Indeed, it was slavery, and slavery alone, that accounted for the steadily growing gap in the culture and attitudes between the two sections of the American state that the revolution of the colonies against Britain in 1775 had created. While both the free and slave states played important roles in a larger Industrial Revolution, so far based mostly in Britain, the slave society of the South set it apart from its Northern brethren. Contrary to popular imagination, the antebellum South fully participated in the rapid social and economic changes the Western world saw in the mid-nineteenth century. By Western European standards, the future states of the Confederacy possessed an impressive railroad network, high rates of literacy, a thriving civil society, and a vibrant political democracy (albeit one strictly restricted to white men). Nevertheless, free labor and the absence of a dominant agricultural staple facilitated the growth of Northern industry, agriculture, and transportation which justified growing Southern fears that they would at some date in the future find themselves submerged under the weight of Northern economic and political power.
Furthermore, rapid social changes in the North enabled the rise of an antislavery reform movement that aimed a dagger at the heart of the Southern social and racial order. While many Southern slaveholders believed with conviction that they had Christianized chattel slavery into a benign and godly institution (indeed, some had criticized the Spartans for excessive cruelty toward the Helots), the violent examples of slave revolts in the Haitian Revolution (1791–1804) and Nat Turner’s Rebellion in Virginia (1831) appeared to pose serious threats to the very fabric of Southern white society. Roughly a year before the 1860 presidential election that sent Lincoln to the White House with exclusively Northern votes, John Brown’s aborted raid on Harper’s Ferry on 16 October 1859, raised the alarm among white Southerners to a fevered pitch. Brown had earned a notorious reputation in the guerrilla warfare between free soil and proslavery settlers in “Bleeding Kansas,” and he stormed the Harper’s Ferry armory in the failed hope of raising and arming a slave rebellion. While responsible Northern politicians such as Lincoln condemned the raid, a significant and vocal Northern minority (including antiwar activist Henry David Thoreau) hailed Brown as a hero. Just as the Spartans in the midst of hostile Helot slaves saw Athenian ideas about Radical Democracy as a threat to their physical survival (fears eventually justified by the successful Theban effort to free the Helots and break Spartan power), Confederates saw similar perils if they remained coupled to an increasingly antislavery North.
Only the coming Civil War would reveal the true importance of Northern industrial superiority, but the Confederate nation-in-waiting had found threatening enough a changing American political system less willing to protect slavery. Not only did future Confederates see the free states gain an increasing advantage in sheer numbers—an important component of political power in the federal Union’s representative system of government—but it also saw the gradual collapse of a political system based around two national political parties, each of which needed both Northern and Southern votes to succeed. That fear, combined with a deep sense of the uniqueness of the South’s civilization and a belief that the Southern way of life was under siege resulted in the steady growth in the numbers of those who either tacitly or actively supported the movement toward secession. Yet there was considerable irony in such attitudes, for in terms of the nation’s political life, white Southerners controlled the Supreme Court; along with Northern sympathizers, they dominated the Senate; and they had maintained a solid control over the presidency for most of the two decades before the Civil War with either white Southerners or Southern sympathizers holding the office. And even the popularly elected House of Representatives was controllable as long as Northern and Southern Democrats retained a semblance of unity.

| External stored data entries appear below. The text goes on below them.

(* A finite simple graph $\Delta$ is invariant if and only if (a) every connected component of $\Delta$ is an invariant graph, and (b) no two distinct connected components of $\Delta$ having an odd number of edges are isomorphic.
   Context: A finite simple graph is called invariant if every graph automorphism induces an even permutation of its set of edges. *)

From mathcomp Require Import all_boot all_order all_fingroup.
Set Implicit Arguments. Unset Strict Implicit. Unset Printing Implicit Defensive.

(* A finite simple graph is a symmetric irreflexive relation [e] on a finType. *)

Definition edges (T : finType) (e : rel T) : {set {set T}} :=
  [set [set x; y] | x in [set: T], y in [set: T] & e x y].

Definition is_aut (T : finType) (e : rel T) (s : {perm T}) : Prop :=
  forall x y, e (s x) (s y) = e x y.

Definition setperm (T : finType) (s : {perm T}) : {perm {set T}} :=
  perm (imset_inj (@perm_inj T s)).

Definition edge_perm (T : finType) (e : rel T) (s : {perm T}) : {perm {set T}} :=
  restr_perm (edges e) (setperm s).

Definition invariant_graph (T : finType) (e : rel T) : Prop :=
  forall s : {perm T}, is_aut e s -> ~~ odd_perm (edge_perm e s).

Definition components (T : finType) (e : rel T) : {set {set T}} :=
  [set [set y | connect e x y] | x : T].

Definition induced (T : finType) (e : rel T) (C : {set T}) : rel {x : T | x \in C} :=
  fun x y => e (val x) (val y).
Arguments induced {T} e C _ _.

Definition isomorphic (T1 T2 : finType) (e1 : rel T1) (e2 : rel T2) : Prop :=
  exists f : T1 -> T2, bijective f /\ forall x y, e2 (f x) (f y) = e1 x y.

(* Extending an automorphism of a component C by the identity moves only the
   edges inside C, so its edge parity is the one computed in C; exchanging two
   isomorphic components C1, C2 along an isomorphism is a product of
   #|E(C1)| disjoint transpositions of edges.  Hence both conditions are
   necessary.  Conversely, an automorphism s moving a vertex x can be
   multiplied by an even automorphism so as to fix x and keep every fixed
   point of s: the inverse of its restriction to the component of x if s
   preserves that component, and otherwise the exchange of the components of
   x and s x along s, which is even since isomorphic components have the same
   number of edges.  Induction on the number of moved vertices concludes. *)

From mathcomp Require Import all_boot all_order all_fingroup.
Set Implicit Arguments. Unset Strict Implicit. Unset Printing Implicit Defensive.
Import GroupScope.

Lemma imset_set2 (A B : finType) (f : A -> B) x y :
  f @: [set x; y] = [set f x; f y].
Proof. by rewrite imsetU !imset_set1. Qed.

Lemma tperm_map (A U : finType) (f : A -> U) x y a : injective f ->
  tperm (f x) (f y) (f a) = f (tperm x y a).
Proof.
move=> f_inj; case: (tpermP x y a) => [->|->|/eqP ax /eqP ay].
- exact: tpermL.
- exact: tpermR.
by rewrite tpermD // (inj_eq f_inj) eq_sym.
Qed.

Lemma odd_perm_transfer (A U : finType) (f : A -> U) (p : {perm A}) (P : {perm U}) :
    injective f -> (forall a, P (f a) = f (p a)) ->
    (forall u, u \notin codom f -> P u = u) ->
  odd_perm P = odd_perm p.
Proof.
move=> f_inj; have [ts -> _] := prod_tpermP p.
elim: ts P => [|[x y] ts IHts] P /= Pf Pout.
  suff -> : P = 1 by rewrite big_nil !odd_perm1.
  apply/permP => u; rewrite perm1; have [/codomP[a ->]|] := boolP (u \in codom f).
    by rewrite Pf big_nil perm1.
  exact: Pout.
rewrite big_cons odd_mul_tperm -(IHts (tperm (f x) (f y) * P)).
- by rewrite odd_mul_tperm (inj_eq f_inj) addbA addbb.
- by move=> a; rewrite permM tperm_map // Pf big_cons permM tpermK.
move=> u u_f; rewrite permM tpermD ?Pout //.
  by apply: contraNneq u_f => <-; apply: codom_f.
by apply: contraNneq u_f => <-; apply: codom_f.
Qed.
(* Let $0\le\alpha<\tfrac12$ and let $D$ be a distribution on $\{0,1\}^n$ given by a forest BN (every node has at most one parent) with all conditional probabilities in $(0,1)$ that is $\alpha$-difference bounded. Then every conjunction $f$ of $d$ literals satisfies $L_1(f)\le\left(\frac{2-2\alpha}{1-2\alpha}\right)^{2d}$.
   Context: For a BN with parent sets $\operatorname{pa}(v)$, let $\mu_{v,x_{\operatorname{pa}(v)}}=P(X_v=1\mid X_{\operatorname{pa}(v)}=x_{\operatorname{pa}(v)})$ and $\sigma_{v,x_{\operatorname{pa}(v)}}=\sqrt{\mu_{v,x_{\operatorname{pa}(v)}}(1-\mu_{v,x_{\operatorname{pa}(v)}})}$ (for roots, $\mu_v=P(X_v=1)$). The BN is $\alpha$-difference bounded if for every $v$ and every two assignments $x,y$ to $\operatorname{pa}(v)$, $|\mu_{v,x}-\mu_{v,y}|\le\alpha$ and $|\sigma_{v,x}-\sigma_{v,y}|\le\alpha$. The BN-induced basis is $\phi_v(x)=(x_v-\mu_{v,x_{\operatorname{pa}(v)}})/\sigma_{v,x_{\operatorname{pa}(v)}}$, $\phi_S=\prod_{v\in S}\phi_v$; $\hat f_S=\mathbb{E}_D[f(X)\phi_S(X)]$; $L_1(f)=\sum_{S\subseteq[n]}|\hat f_S|$. A conjunction of $d$ literals is $f(x)=\prod_{i\in T_1}x_i\prod_{j\in T_0}(1-x_j)$ with $T_0,T_1$ disjoint and $|T_0\cup T_1|=d$. *)

From HB Require Import structures.
From mathcomp Require Import all_boot all_order all_algebra.
Set Implicit Arguments. Unset Strict Implicit. Unset Printing Implicit Defensive.
Import Order.TTheory GRing.Theory Num.Theory.
Local Open Scope ring_scope.

Notation pt n := {ffun 'I_n -> bool}.

(* A forest Bayesian network on n binary variables:
   - pa v = None  : v is a root, P(X_v = 1) = cp v false (cp v true unused);
   - pa v = Some u: v has the single parent u, P(X_v = 1 | X_u = b) = cp v b. *)
Record forestBN (R : Type) (n : nat) := ForestBN {
  pa : 'I_n -> option 'I_n;
  cp : 'I_n -> bool -> R
}.

Section BN.
Variables (R : rcfType) (n : nat) (B : forestBN R n).

Definition acyclic : Prop :=
  exists rk : 'I_n -> nat, forall u v, pa B v = Some u -> (rk u < rk v)%N.

Definition mu (v : 'I_n) (x : pt n) : R :=
  match pa B v with Some u => cp B v (x u) | None => cp B v false end.

Definition sigma (v : 'I_n) (x : pt n) : R := Num.sqrt (mu v x * (1 - mu v x)).

Definition distr (x : pt n) : R :=
  \prod_(v < n) (if x v then mu v x else 1 - mu v x).

Definition cp_open : Prop := forall v x, 0 < mu v x < 1.

Definition diff_bounded (alpha : R) : Prop :=
  forall v x y, `|mu v x - mu v y| <= alpha /\ `|sigma v x - sigma v y| <= alpha.

Definition phi (v : 'I_n) (x : pt n) : R := ((x v)%:R - mu v x) / sigma v x.
Definition phiS (S : {set 'I_n}) (x : pt n) : R := \prod_(v in S) phi v x.

Definition fcoef (f : pt n -> R) (S : {set 'I_n}) : R :=
  \sum_(x : pt n) distr x * (f x * phiS S x).

Definition L1 (f : pt n -> R) : R := \sum_(S : {set 'I_n}) `|fcoef f S|.
End BN.

Definition conj (R : rcfType) (n : nat) (T0 T1 : {set 'I_n}) (x : pt n) : R :=
  (\prod_(i in T1) ((x i)%:R : R)) * \prod_(j in T0) (1 - ((x j)%:R : R)).

From HB Require Import structures.
From mathcomp Require Import all_boot all_order all_algebra.
From mathcomp Require Import ring lra.
Import Order.TTheory GRing.Theory Num.Theory.
Local Open Scope ring_scope.

Set Implicit Arguments.
Unset Strict Implicit.
Unset Printing Implicit Defensive.

(* Pad the BN distribution: for a parent-closed set A of nodes keep the BN factors on A and make
   the other bits uniform, and bound the L1 mass of a conjunction f over the subsets of A by
   induction on A. Remove from A a node v with no child in A and sum out x_v. Writing
   f = g(x_v) f', the coefficients of f at S and at v |: S (S within A \ v) become the
   coefficients over A \ v of E[g(X_v) | parent] f' and (g(1) - g(0)) sigma_v f', because
   E[phi_v | parent] = 0 and E[X_v phi_v | parent] = sigma_v. Both multipliers are affine in the
   parent bit x_u, with constant parts of total size <= 3/2 and slopes of total size <= 2 alpha,
   and f' x_u is again a conjunction with at most one more literal. Hence the bound
   K^d satisfies the recursion K^(d+1) >= 3/2 K^d + 2 alpha K^(d+1) once 3/2 + 2 alpha K <= K,
   which holds for K = ((2 - 2 alpha) / (1 - 2 alpha))^2. *)

Definition upd n (x : pt n) (v : 'I_n) (b : bool) : pt n :=
  [ffun i => if i == v then b else x i].

Lemma upd_eq n (x : pt n) v b : upd x v b v = b.
Proof. by rewrite ffunE eqxx. Qed.

Lemma upd_neq n (x : pt n) v b i : i != v -> upd x v b i = x i.
Proof. by rewrite ffunE => /negbTE ->. Qed.

Lemma upd_id n (x : pt n) v : upd x v (x v) = x.
Proof. by apply/ffunP=> i; rewrite ffunE; case: eqP => // ->. Qed.

Lemma upd_upd n (x : pt n) v b c : upd (upd x v b) v c = upd x v c.
Proof. by apply/ffunP=> i; rewrite !ffunE; case: eqP. Qed.

Lemma sum_upd (R : numFieldType) n (v : 'I_n) (F : pt n -> R) :
  \sum_x F x = 2^-1 * \sum_x (F (upd x v true) + F (upd x v false)).
Proof.
pose flip x := upd x v (~~ x v).
have flipK : involutive flip by move=> x; rewrite /flip upd_upd upd_eq negbK upd_id.
have sum_flip : \sum_x F (flip x) = \sum_x F x.
  exact: esym (reindex_inj (inv_inj flipK)).
have pair_upd x : F (upd x v true) + F (upd x v false) = F x + F (flip x).
  by rewrite /flip -{3}(upd_id x v); case: (x v); rewrite //= addrC.
rewrite (eq_bigr _ (fun x _ => pair_upd x)) big_split /= sum_flip.
by rewrite mulrDr !(mulrC 2^-1) -splitr.
Qed.

Lemma sum_subset_setD1 (V : nmodType) (T : finType) (A : {set T}) v (F : {set T} -> V) :
  v \in A ->
  \sum_(S : {set T} | S \subset A) F S
  = \sum_(S : {set T} | S \subset A :\ v) (F S + F (v |: S)).
Proof.
move=> vA; rewrite (bigID (fun S : {set T} => v \in S)) /= addrC big_split /=; congr (_ + _).
  by apply: eq_bigl => S; rewrite subsetD1.
rewrite (reindex_onto (fun S => v |: S) (fun S => S :\ v)) /=; last first.
  by move=> S /andP [_ vS]; rewrite setD1K.
apply: eq_bigl => S; rewrite subsetD1 setU11 andbT; apply/andP/andP => [[sSA /eqP eS]|].
  have vS : v \notin S by rewrite -eS setD11.
  by split=> //; apply: subset_trans sSA; apply: subsetU1.
by case=> sSA vS; rewrite setU1K // subUset sub1set vA sSA.
Qed.

Lemma bool_affine (R : pzRingType) (F : bool -> R) b :
  F b = F false + (F true - F false) * b%:R.
Proof. by case: b; rewrite ?mulr1 ?mulr0 ?addr0 // addrC subrK. Qed.

Lemma prod_setD1 (R : comPzSemiRingType) (T : finType) (A : {set T}) v (F : T -> R) :
  \prod_(i in A) F i = (if v \in A then F v else 1) * \prod_(i in A :\ v) F i.
Proof.
case: ifP => vA; first by rewrite (big_setD1 v vA).
by rewrite mul1r; apply: eq_bigl => i; rewrite in_setD1; case: eqP => // ->; rewrite vA.
Qed.

Definition growth (R : realFieldType) (alpha : R) : R :=
  ((2 - 2 * alpha) / (1 - 2 * alpha)) ^+ 2.

Section Growth.
Variables (R : realFieldType) (alpha : R).
(* (1/i) * F_M(iM): along the segment [0, iM], zeta = i t, d zeta = i dt and
   the principal square root of (M^2 - t^2)((M+1)^2 - t^2) >= 0 is positive,
   so F_M(iM) = i * \int_0^M dt / sqrt((M^2-t^2)((M+1)^2-t^2)).
   The (improper, nonnegative) integral is taken as a Lebesgue integral in
   the extended reals. *)
Definition FMiM_div_i (R : realType) (M : R) : \bar R :=
  (\int[@lebesgue_measure R]_(t in `]0%R, M[%classic)
     ((Num.sqrt ((M ^+ 2 - t ^+ 2) * ((M + 1) ^+ 2 - t ^+ 2)))^-1)%:E)%E.

Definition ellipticK (R : realType) (k : R) : \bar R :=
  (\int[@lebesgue_measure R]_(x in `]0%R, 1%R[%classic)
     ((Num.sqrt ((1 - x ^+ 2) * (1 - k ^+ 2 * x ^+ 2)))^-1)%:E)%E.

From mathcomp Require Import all_boot all_order all_algebra.
From mathcomp Require Import all_classical all_reals all_analysis.
From mathcomp Require Import measurable_realfun ring lra.
Import Order.TTheory GRing.Theory Num.Theory.
Import numFieldNormedType.Exports.
Local Open Scope classical_set_scope.
Local Open Scope ring_scope.

(* The substitution t = M x turns (M + 1)/i F_M(iM) into K(M/(M + 1)).  Write
   the integrand as 1/sqrt((M - t)(M + 1 - t) (M + t)(M + 1 + t)).  By AM-GM,
   (M - t)(M + 1 - t) <= (M + 1/2 - t)^2 and (M + t)(M + 1 + t) <= (2M + 1)^2,
   which gives an elementary minorant whose integral is log(2M + 1)/(2M + 1).
   Conversely (M + t)(M + 1 + t) >= (M + t + 2/5)^2 as soon as M >= 2, and
   1/(sqrt((M - t)(M + 1 - t)) (M + t + 2/5)) has an explicit logarithmic
   primitive; evaluating it and bounding log 2 <= 18/25 gives the upper bound. *)

Section integral_on_intervals.
Context {R : realType}.
Local Notation mu := (@lebesgue_measure R).
Theorem lemma5p6 (N : nat) (P : nat -> nat -> R) (ord : nat -> list nat)
    (chi0 : nat -> nat) (M : nat)
    (HPnn : forall v u, (v < N)%nat -> (u < N)%nat -> 0 <= P v u)
    (HProw : forall v, (v < N)%nat -> rsum (seq 0 N) (fun u => P v u) = 1)
    (Hord_nodup : forall v, (v < N)%nat -> NoDup (ord v))
    (Hord_nbr : forall v u, (v < N)%nat ->
        (In u (ord v) <-> ((u < N)%nat /\ 0 < P v u)))
    (HM : nsum (seq 0 N) chi0 = M) :
  forall v u t, (v < N)%nat -> (u < N)%nat -> 0 < P v u ->
    Rabs (INR (Zflow N P ord chi0 t v u) - INR (chi N P ord chi0 t v) * P v u)
      <= 2 * lg (INR M + 1).
Proof.
  intros v u t Hv Hu Hp.
  destruct (router_interval N P ord v u (fun w => HPnn v w Hv) (HProw v Hv) (Hord_nodup v Hv)
              (fun w => Hord_nbr v w Hv) Hu Hp) as [a [Ha [Hab Hrouter]]].
  set (s := snd (conf N P ord chi0 t) v); set (c := chi N P ord chi0 t v).
  assert (HZ : INR (Zflow N P ord chi0 t v u) = rsum (seq s c) (hits a (a + P v u))).
  { unfold Zflow, Icount; fold (chi N P ord chi0 t); fold s c.
    rewrite Nat.add_comm, Nat.add_sub, length_filter_rsum.
    apply rsum_ext, Hrouter. }
  assert (Hc : (c <= M)%nat).
  { eapply Nat.le_trans; [|apply (total_tokens_le N P ord chi0 M t HM)].
    apply nsum_le_term, in_seq; lia. }
  rewrite HZ; replace (P v u) with (a + P v u - a) at 2 by ring.
  eapply Rle_trans; [apply vdc_window_discrepancy; lra|].
  apply Rmult_le_compat_l; [lra|]; apply lg_le; [pose proof (pos_INR c); lra|].
  apply le_INR in Hc; lra.
Qed.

Nevertheless, the shrillness with which white Southerners defended their rights only served to underline their fear that they were losing control of their destiny. And they intimately tied that destiny to the continuation of slavery, the most inhumane of all of the institutions that marked the republic’s expansion across North America. William Seward, who eventually became a Republican Party political boss and served as secretary of state to Lincoln, caught that inhumanity in a chilling note in which he described a scene that he, his wife, and son witnessed in their progress through Virginia: “Ten naked little boys, between six and twelve years old, tied together, two and two, by their wrists, were all fastened to a long rope, and followed by a tall, gaunt white man, who, with his long lash, whipped up the sad and weary little procession, drove it to the horse-trough to drink, and thence to a shed, where they lay down on the ground and sobbed and moaned themselves to sleep.”4 All, purchased that day, were headed south to the slave markets of Richmond—most eventually to journey on to the plantations of the Deep South. That was the reality of an economic and political system which rested on the enslavement of human beings, whose labor it obtained with the whip and the lash.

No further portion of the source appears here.